Post-genomic approaches to understanding the mechanisms of environmentally induced phenotypic plasticity

• Published in: Journal of experimental biology Vol. 209; no. Pt 12; pp. 2328 - 2336
• Main Authors: Cossins, Andrew, Fraser, Jane, Hughes, Margaret, Gracey, Andrew
• Format: Journal Article
• Language: English
• Published: England 15.06.2006
• Subjects: Adaptation, Physiological - genetics; Adaptation, Physiological - physiology; Animals; Carps - genetics; Carps - physiology; Environment; Gene Expression Profiling; Genomics - methods; Phenotype
• ISSN: 0022-0949; 1477-9145
• DOI: 10.1242/jeb.02256

Post-genomic techniques offer new and detailed insights into the mechanisms underpinning all biological processes, including phenotypic plasticity and environmentally relevant phenotypes. Although they require access to genomic resources it is now possible to create these for species of comparative or environmental interest even within a modest research project. Here we describe an open transcript screen for genes responding to environmental cold that might account for the acquired cold-specific phenotype in all its complex manifestations. Construction of a cDNA microarray led to a survey of transcript expression levels in seven tissues of carp, as a function of time, and three different extents of cooling.

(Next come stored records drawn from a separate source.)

(* Let $p$ be an odd prime, let $q\in\mathbb{C}_p$ with $|1-q|_p<1$, let $h\in\mathbb{Z}$, $r\in\mathbb{N}$, $n\ge 0$, and let $w_1,w_2\in\mathbb{N}$ with $w_1\equiv 1\pmod 2$ and $w_2\equiv 1\pmod 2$. Then, for $x\in\mathbb{Z}_p$, \[ \sum_{i=0}^{n}\binom{n}{i}[w_2]_q^{i}[w_1]_q^{n-i}E_{n-i,q^{w_1}}^{(h,r)}(w_2x)\,T_{n,i,q^{w_2}}^{(h,r)}(w_1) =\sum_{i=0}^{n}\binom{n}{i}[w_1]_q^{i}[w_2]_q^{n-i}E_{n-i,q^{w_2}}^{(h,r)}(w_1x)\,T_{n,i,q^{w_1}}^{(h,r)}(w_2), \] where for $w\in\mathbb{N}$, \[ T_{n,i,q}^{(h,r)}(w)=\sum_{j_1,\dots,j_r=0}^{w-1}(-1)^{\sum_{l=1}^r j_l}\,q^{\sum_{l=1}^r(n+h-l-i)j_l}\,[j_1+\cdots+j_r]_q^i . \]
   Context: $\mathbb{Z}_p$ denotes the $p$-adic integers and $\mathbb{C}_p$ the completion of the algebraic closure of $\mathbb{Q}_p$. For $q\in\mathbb{C}_p$ with $|1-q|_p<1$, the $q$-number is $[x]_q=\frac{1-q^x}{1-q}$, and $[x]_{q^w}=\frac{1-q^{wx}}{1-q^w}$. For a continuous function $f$ on $\mathbb{Z}_p$, the $p$-adic fermionic integral is $\int_{\mathbb{Z}_p}f(y)\,d\mu_{-1}(y)=\lim_{N\to\infty}\sum_{y=0}^{p^N-1}f(y)(-1)^y$; the multivariate integral over $y_1,\dots,y_r$ is the iterated one. For $h\in\mathbb{Z}$, $r\in\mathbb{N}$, the expansions of $q$-Euler polynomials are defined by \[ E_{n,q}^{(h,r)}(x)=\int_{\mathbb{Z}_p}\!\cdots\!\int_{\mathbb{Z}_p} q^{\sum_{l=1}^r(h-l)y_l}\,[x+y_1+\cdots+y_r]_q^n\,d\mu_{-1}(y_1)\cdots d\mu_{-1}(y_r), \] equivalently by the generating function $\sum_{n\ge0}E_{n,q}^{(h,r)}(x)\frac{t^n}{n!}=2^r\sum_{m_1,\dots,m_r=0}^{\infty}q^{\sum_{l=1}^r(h-l)m_l}(-1)^{\sum_{l=1}^r m_l}e^{[x+m_1+\cdots+m_r]_q t}$; $E_{n,q^w}^{(h,r)}$ denotes the same with $q$ replaced by $q^w$. *)

(* C_p is modelled abstractly (no p-adic library is available),
   as an algebraically closed field K with an absolute value |.| : K -> R
   which is non-archimedean, complete, and restricts to |.|_p on the integers. *)
From HB Require Import structures.
From mathcomp Require Import all_boot all_order all_algebra.
From mathcomp Require Import boolp classical_sets reals.
Set Implicit Arguments. Unset Strict Implicit. Unset Printing Implicit Defensive.
Import Order.TTheory GRing.Theory Num.Theory.
Local Open Scope ring_scope.

Section Padic.
Variables (R : realType) (K : closedFieldType) (absv : K -> R) (p : nat).

Definition cauchy_seq (u : nat -> K) : Prop :=
  forall e : R, 0 < e -> exists N, forall m k, (N <= m)%N -> (N <= k)%N -> absv (u m - u k) < e.

Definition cvg_to (u : nat -> K) (l : K) : Prop :=
  forall e : R, 0 < e -> exists N, forall m, (N <= m)%N -> absv (u m - l) < e.

Definition Cp_like : Prop :=
  (forall x, absv x = 0 <-> x = 0) /\
  (forall x, 0 <= absv x) /\
  (forall x y, absv (x * y) = absv x * absv y) /\
  (forall x y, absv (x + y) <= Num.max (absv x) (absv y)) /\
  (forall n : nat, absv (n.+1%:R) = (p%:R ^- logn p n.+1 : R)) /\
  (forall u, cauchy_seq u -> exists l, cvg_to u l).

Definition plim (u : nat -> K) : K := xget 0 (fun l => cvg_to u l).

(* Z_p as coherent sequences of residues: x N in [0, p^N), x (N+1) = x N mod p^N *)
Definition is_Zp (x : nat -> nat) : Prop :=
  forall N, (x N < p ^ N)%N /\ (x N.+1 %% p ^ N = x N)%N.

Definition zp_addn (x : nat -> nat) (m : nat) : nat -> nat :=
  fun N => ((x N + m) %% p ^ N)%N.
Definition zp_muln (w : nat) (x : nat -> nat) : nat -> nat :=
  fun N => ((w * x N) %% p ^ N)%N.

Definition qpowZp (q : K) (x : nat -> nat) : K := plim (fun N => q ^+ x N).

Definition qnumZp (q : K) (x : nat -> nat) : K := (1 - qpowZp q x) / (1 - q).
Definition qnum (q : K) (m : nat) : K := (1 - q ^+ m) / (1 - q).

(* p-adic fermionic integral of f (only the values at y in N are used) *)
Definition fint (f : nat -> K) : K :=
  plim (fun N => \sum_(0 <= y < p ^ N) f y * (-1) ^+ y).

(* iterated integral over y_1, ..., y_r; F receives [:: y_1; ...; y_r] *)
Fixpoint mint (r : nat) (F : seq nat -> K) : K :=
  match r with
  | 0 => F [::]
  | r'.+1 => fint (fun y => mint r' (fun ys => F (y :: ys)))
  end.

Definition Eqhr (n : nat) (q : K) (h : int) (r : nat) (x : nat -> nat) : K :=
  mint r (fun ys =>
    q ^ (\sum_(l < r) (h - (l.+1)%:Z) * (nth 0%N ys l)%:Z)
      * qnumZp q (zp_addn x (\sum_(l < r) nth 0%N ys l)) ^+ n).

Definition Tqhr (n i : nat) (q : K) (h : int) (r w : nat) : K :=
  \sum_(j : {ffun 'I_r -> 'I_w})
     (-1) ^+ (\sum_(l < r) (j l : nat)) *
     q ^ (\sum_(l < r) (n%:Z + h - (l.+1)%:Z - i%:Z) * (j l : nat)%:Z) *
     qnum q (\sum_(l < r) (j l : nat)) ^+ i.

End Padic.

From HB Require Import structures.
From mathcomp Require Import all_boot all_order all_algebra.
From mathcomp Require Import boolp classical_sets reals.
From mathcomp Require Import ring lra.
Set Implicit Arguments. Unset Strict Implicit. Unset Printing Implicit Defensive.
Import Order.TTheory GRing.Theory Num.Theory.
Local Open Scope ring_scope.

(* For |1 - q| < 1 the integrand defining E_{n,q^w}^{(h,r)} is an exponential
   polynomial in y_1, ..., y_r, i.e. a finite combination of monomials
   a_1^y_1 ... a_r^y_r with |a_l - 1| < 1.  Since a^(p^N) -> 1, the fermionic
   integral of a^y is 2/(1 + a); this makes the integral linear on exponential
   polynomials and gives, for odd w, the distribution relation
     int F(y) = sum_(0 <= k_l < w) (-1)^(k_1 + ... + k_r) int F(k + w y).
   Expanding [w2 (j_1 + ... + j_r) + w1 (y_1 + ... + y_r) + w1 w2 x]_q
   binomially and applying the distribution relation with w2 turns the
   left-hand side into a double sum over j in [0, w1)^r and k in [0, w2)^r that
   is symmetric in (w1, w2); the right-hand side is the same sum with w1 and w2
   exchanged. *)

Section Padic.
Variables (R : realType) (K : closedFieldType) (absv : K -> R) (p : nat).
Hypotheses (p_prime : prime p) (p_odd : odd p) (HK : Cp_like absv p).

Lemma absv_eq0 x : absv x = 0 <-> x = 0. Proof. by case: HK. Qed.
Lemma absv_ge0 x : 0 <= absv x. Proof. by case: HK => _ []. Qed.
Lemma absvM x y : absv (x * y) = absv x * absv y. Proof. by case: HK => _ [_ []]. Qed.
Lemma absvD x y : absv (x + y) <= Num.max (absv x) (absv y).
Proof. by case: HK => _ [_ [_ []]]. Qed.
Lemma absv_natS n : absv (n.+1%:R) = (p%:R ^- logn p n.+1 : R).
Proof. by case: HK => _ [_ [_ [_ []]]]. Qed.
Lemma cauchy_seq_cvg u : cauchy_seq absv u -> exists l, cvg_to absv u l.
Proof. by case: HK => _ [_ [_ [_ [_ h]]]]; apply: h. Qed.

Lemma absv0 : absv 0 = 0. Proof. exact/absv_eq0. Qed.

Lemma absv1 : absv 1 = 1.
Proof. by have := absv_natS 0; rewrite logn1 expr0 invr1. Qed.

Lemma absvN1 : absv (-1) = 1.
Proof.
have sq1 : absv (-1) ^+ 2 = 1 by rewrite expr2 -absvM mulrNN mulr1 absv1.
move/eqP: sq1; rewrite sqrf_eq1 => /orP [/eqP //|/eqP a1].
by move: (absv_ge0 (-1)); rewrite a1 ler0N1.
Qed.

Lemma absvN x : absv (- x) = absv x.
Proof. by rewrite -mulN1r absvM absvN1 mul1r. Qed.

Lemma absv_distC x y : absv (x - y) = absv (y - x).
Proof. by rewrite -absvN opprB. Qed.

Lemma absvX x k : absv (x ^+ k) = absv x ^+ k.
Proof. by elim: k => [|k IH]; rewrite ?expr0 ?absv1 // !exprS absvM IH. Qed.

Lemma absvD_le x y M : absv x <= M -> absv y <= M -> absv (x + y) <= M.
Proof. by move=> hx hy; apply: le_trans (absvD x y) _; rewrite ge_max hx hy. Qed.

Lemma absvD_lt x y M : absv x < M -> absv y < M -> absv (x + y) < M.
Proof. by move=> hx hy; apply: le_lt_trans (absvD x y) _; rewrite gt_max hx hy. Qed.

Lemma absv_sum_le (I : Type) (s : seq I) (F : I -> K) M : 0 <= M ->
  (forall i, absv (F i) <= M) -> absv (\sum_(i <- s) F i) <= M.
Proof.
move=> M0 FM; elim: s => [|a s IH]; first by rewrite big_nil absv0.
by rewrite big_cons; apply: absvD_le.
Qed.

Lemma absvD_eq x y : absv x < absv y -> absv (x + y) = absv y.
Proof.
move=> xy; apply/eqP; rewrite eq_le absvD_le ?(ltW xy) //=.
have := absvD (x + y) (- x); rewrite addrC addKr absvN => yle.
case: (leP (absv x) (absv (x + y))) => [c|c]; first by move: yle; rewrite max_l.
by move: yle; rewrite max_r ?(ltW c) // => h; move: xy; rewrite ltNge h.
Qed.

The resulting data delineated a common stress response found in all tissues that comprises genes involved in cellular homeostasis, including energy charge, ATP turnover, protein turnover and stress protein production. These genes respond to kinds of perturbation other than cold and probably form part of a more general stress response common to other species. We also defined tissue-specific response patterns of transcript regulation whose main characteristics were investigated by a profiling technique based on categorisation of gene function. These genes underpin the highly tissue-specific pattern of physiological adaptations observed in the cold-acclimated fish. As a result we have identified a large number of candidate gene targets with which to investigate adaptive responses to environmental challenge.